19 september

Vergankelijkheid van de materie

(GJE VI. 20, 13-14)
Ik zei: Zoals nu deze steen enkel door Mijn wil opgelost werd in zijn oer-elementen, zo zou Ik dat ook kunnen doen met de tempel, met alle bergen, de aarde, met zon en maan en met alle sterren, en deze oplossen in hun oorspronkelijke, letterlijke niets, d.w.z in pure gedachten van God die ook geen realiteit zijn zolang zij niet door de liefde en door de almachtige wil van God hun werkelijke vorm en vastheid krijgen. In God heerst niet het principe van verwoesten en vernietigen, maar in zijn eeuwige orde heerst het behoud van alle eenmaal geschapen dingen, echter niet in het voortdurende gericht van de materie, maar ongericht, dus vrij in geest en leven. Daarom is en mag ook geen enkele materie in deze gerichte wereld duurzaam zijn. Alles bestaat slechts gedurende een bepaalde tijd, lost daarna geleidelijk aan op en gaat volgens de orde over in het geestelijke, duurzame en onvergankelijke.

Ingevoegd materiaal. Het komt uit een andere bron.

(* Let $(G,I,O)$ be a geometry with $|I|=|O|$. If $(G,I,O)$ has a causal path cover $\mathcal C$, then $\mathcal C$ is the unique maximum-size collection of pairwise vertex-disjoint directed paths in $G$ from $I$ to $O$ (i.e. any collection of pairwise vertex-disjoint directed paths, each starting in $I$ and ending in $O$, of maximum cardinality, equals $\mathcal C$).
   Context: Graphs are finite, simple, undirected, without self-loops; $v\sim w$ denotes adjacency. A geometry is $(G,I,O)$ with $I,O\subseteq V(G)$. A directed path in $G$ is a sequence of distinct vertices $u_0,\ldots,u_\ell$ ($\ell\ge0$, $\ell=0$ allowed) with consecutive vertices adjacent, oriented by arcs $u_i\to u_{i+1}$; an $I$–$O$ path starts in $I$ and ends in $O$. A path cover of $(G,I,O)$ is a collection of directed paths in $G$ such that every vertex lies on exactly one path, each path meets $I$ at most at its initial vertex, and each path meets $O$ exactly at its final vertex. For a family $\mathcal P$ of vertex-disjoint directed paths, an edge is covered by $\mathcal P$ if it underlies an arc of a path of $\mathcal P$. An influencing walk for $\mathcal P$ is a walk that is a concatenation of zero or more segments of the types (i) $v\to w$, an arc of a path of $\mathcal P$; (ii) $v\to z\to w$ with $v\to z$ an arc of a path of $\mathcal P$ and $zw\in E(G)$ not covered by $\mathcal P$. A vicious circuit for $\mathcal P$ is a closed influencing walk with at least one segment. A causal path cover is a path cover having no vicious circuits. *)

(* A simple graph on a finite vertex type T is a symmetric,
   irreflexive boolean relation e. *)
From mathcomp Require Import all_boot.
Set Implicit Arguments. Unset Strict Implicit. Unset Printing Implicit Defensive.

Section Geometry.
Variables (T : finType) (e : rel T).

Definition dpath (p : seq T) : bool :=
  if p is x :: s then path e x s && uniq p else false.

Definition IO_path (I O : {set T}) (p : seq T) : bool :=
  if p is x :: s then [&& dpath p, x \in I & last x s \in O] else false.

Definition vdisjoint (P : seq (seq T)) : bool :=
  all dpath P && uniq (flatten P).

Definition disjoint_IO_paths (I O : {set T}) (P : seq (seq T)) : bool :=
  all (IO_path I O) P && uniq (flatten P).

Definition path_cover (I O : {set T}) (P : seq (seq T)) : Prop :=
  all dpath P /\
  (forall v : T, count (fun p => v \in p) P = 1) /\
  (forall p, p \in P -> forall x s, p = x :: s ->
       (forall v, v \in s -> v \notin I) /\
       last x s \in O /\
       (forall v, v \in belast x s -> v \notin O)).

Definition arc (P : seq (seq T)) (v w : T) : bool :=
  has (fun p => (v, w) \in zip p (behead p)) P.

Definition covered (P : seq (seq T)) (u w : T) : bool :=
  arc P u w || arc P w u.

Definition inf_seg (P : seq (seq T)) (v w : T) : bool :=
  arc P v w || [exists z, [&& arc P v z, e z w & ~~ covered P z w]].

(* A vicious circuit: a closed influencing walk with at least one segment,
   given by its sequence of segment endpoints v = w_0, w_1, ..., w_k = v. *)
Definition has_vicious_circuit (P : seq (seq T)) : Prop :=
  exists (v : T) (s : seq T), s <> [::] /\ path (inf_seg P) v s /\ last v s = v.

Definition causal_path_cover (I O : {set T}) (P : seq (seq T)) : Prop :=
  path_cover I O P /\ ~ has_vicious_circuit P.

End Geometry.

(* Let C be a causal path cover of (G,I,O) with |I| = |O|.  Every path of C
   ends in O, and every vertex of I lies on C, necessarily at the start of its
   path; counting endpoints, C consists of |I| disjoint I-O paths, while no
   family of disjoint I-O paths has more than |I| members.

   For uniqueness let D be a maximum family, so that every vertex of O ends a
   path of D.  Write s x for the successor of x on C (x outside O) and p y for
   the predecessor of y on D.  The rerouting map sending x outside O to
   p (s x) when s x lies on D, and to s x otherwise, is injective, and each
   vertex it moves influences its image: by the arc x -> s x, followed if
   needed by the edge between s x and p (s x).  Following an orbit would
   close a vicious circuit, so the map is the identity.  Hence every arc
   u -> w of D satisfies w = s u: a path of D follows C from its start in I
   until it first reaches O, exactly like the path of C through that start.
   So D is contained in C, and by cardinality D is a permutation of C. *)

From mathcomp Require Import all_boot.
(* Imported last, so that Defs.arc is not shadowed by path.arc. *)
From Pilot Require Import Defs.
Set Implicit Arguments. Unset Strict Implicit. Unset Printing Implicit Defensive.

Section SeqArcs.
Variable T : eqType.
Implicit Types (a u v w : T) (s : seq T).

Lemma arc_tail_belast a s u w : (u, w) \in zip (a :: s) s -> u \in belast a s.
Proof.
elim: s a => [|b s IH] a //=; rewrite inE => /orP[/eqP[-> _]|/IH ->].
  by rewrite eqxx.
by rewrite orbT.
Qed.

Lemma arc_head_behead a s u w : (u, w) \in zip (a :: s) s -> w \in s.
Proof.
elim: s a => [|b s IH] a //=; rewrite inE => /orP[/eqP[_ ->]|/IH ->].
  by rewrite eqxx.
by rewrite orbT.
Qed.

De materie is een graf van het gericht en de tijdelijke dood, en de dode geesten in deze graven moeten ook Mijn stem horen en Mijn wil gehoorzamen, zoals jullie nu gezien hebben. En zoals deze steen nu plotseling opgelost is, zo zal het ook stukje bij beetje met de hele aarde gaan, en dan zal daaruit een nieuwe, geestelijke, onvergankelijke aarde ontstaan vol leven en geluk voor haar geestelijke bewoners, en er zal gericht noch dood op haar hemelse velden heersen; want zij zal ontstaan uit het leven van allen die uit haar ontstaan en op haar geboren zijn.